[Stored data]
(* Let $\mathfrak k$ be a Lie algebra over a field $\mathbb K$ with $2\in\mathbb K^\times$. The maps $\alpha_2,\beta_1,\gamma,\alpha_3,\beta_2$ described below are well-defined linear maps and the sequence $$\{0\}\to H^2(\mathfrak k)\xrightarrow{\alpha_2}H^1(\mathfrak k,\mathfrak k^* )\xrightarrow{\beta_1}\mathrm{Sym}^2(\mathfrak k)^{\mathfrak k}\xrightarrow{\gamma}H^3(\mathfrak k)\xrightarrow{\alpha_3}H^2(\mathfrak k,\mathfrak k^* )\xrightarrow{\beta_2}H^1(\mathfrak k,\mathrm{Sym}^2(\mathfrak k))$$ is exact.
   Context: $H^p(\mathfrak k,\mathfrak a)$ denotes Chevalley–Eilenberg cohomology with coefficients in a $\mathfrak k$-module $\mathfrak a$, and $H^p(\mathfrak k)=H^p(\mathfrak k,\mathbb K)$ with trivial module. $\mathfrak k^*$ is the coadjoint module: $(x.\lambda)(y)=-\lambda([x,y])$. $\mathrm{Sym}^2(\mathfrak k)$ is the space of symmetric bilinear forms on $\mathfrak k$ with $(x.\kappa)(y,z)=-\kappa([x,y],z)-\kappa(y,[x,z])$; $\mathrm{Sym}^2(\mathfrak k)^{\mathfrak k}$ is the space of invariant ones. Definitions: $\alpha_p([\omega])=[\tilde\alpha_p\omega]$ with $(\tilde\alpha_p\omega)(x_1,\dots,x_{p-1})(y)=\omega(x_1,\dots,x_{p-1},y)$. With $S:C^1(\mathfrak k,\mathfrak k^* )\to\mathrm{Sym}^2(\mathfrak k)$, $S(\eta)(y,z)=\eta(y)(z)+\eta(z)(y)$: $\beta_1([\omega])=S(\omega)$ for $\omega\in Z^1(\mathfrak k,\mathfrak k^* )$, and $\beta_2([\omega])=[x\mapsto S(\omega(x,\cdot))]$ for $\omega\in Z^2(\mathfrak k,\mathfrak k^* )$. $\gamma(\kappa)=[\Gamma(\kappa)]$ with $\Gamma(\kappa)(x,y,z)=\kappa([x,y],z)$. *)

From HB Require Import structures.
From mathcomp Require Import all_boot all_order all_algebra.
From mathcomp Require Import functions.
Set Implicit Arguments. Unset Strict Implicit. Unset Printing Implicit Defensive.
Import Order.TTheory GRing.Theory Num.Theory.
Local Open Scope ring_scope.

◆ Work task ◆
Report each line in the data that holds the word "gamma".

◆ Task solution ◆
(* Let $\mathfrak k$ be a Lie algebra over a field $\mathbb K$ with $2\in\mathbb K^\times$. The maps $\alpha_2,\beta_1,\gamma,\alpha_3,\beta_2$ described below are well-defined linear maps and the sequence $$\{0\}\to H^2(\mathfrak k)\xrightarrow{\alpha_2}H^1(\mathfrak k,\mathfrak k^* )\xrightarrow{\beta_1}\mathrm{Sym}^2(\mathfrak k)^{\mathfrak k}\xrightarrow{\gamma}H^3(\mathfrak k)\xrightarrow{\alpha_3}H^2(\mathfrak k,\mathfrak k^* )\xrightarrow{\beta_2}H^1(\mathfrak k,\mathrm{Sym}^2(\mathfrak k))$$ is exact.
   Context: $H^p(\mathfrak k,\mathfrak a)$ denotes Chevalley–Eilenberg cohomology with coefficients in a $\mathfrak k$-module $\mathfrak a$, and $H^p(\mathfrak k)=H^p(\mathfrak k,\mathbb K)$ with trivial module. $\mathfrak k^*$ is the coadjoint module: $(x.\lambda)(y)=-\lambda([x,y])$. $\mathrm{Sym}^2(\mathfrak k)$ is the space of symmetric bilinear forms on $\mathfrak k$ with $(x.\kappa)(y,z)=-\kappa([x,y],z)-\kappa(y,[x,z])$; $\mathrm{Sym}^2(\mathfrak k)^{\mathfrak k}$ is the space of invariant ones. Definitions: $\alpha_p([\omega])=[\tilde\alpha_p\omega]$ with $(\tilde\alpha_p\omega)(x_1,\dots,x_{p-1})(y)=\omega(x_1,\dots,x_{p-1},y)$. With $S:C^1(\mathfrak k,\mathfrak k^* )\to\mathrm{Sym}^2(\mathfrak k)$, $S(\eta)(y,z)=\eta(y)(z)+\eta(z)(y)$: $\beta_1([\omega])=S(\omega)$ for $\omega\in Z^1(\mathfrak k,\mathfrak k^* )$, and $\beta_2([\omega])=[x\mapsto S(\omega(x,\cdot))]$ for $\omega\in Z^2(\mathfrak k,\mathfrak k^* )$. $\gamma(\kappa)=[\Gamma(\kappa)]$ with $\Gamma(\kappa)(x,y,z)=\kappa([x,y],z)$. *)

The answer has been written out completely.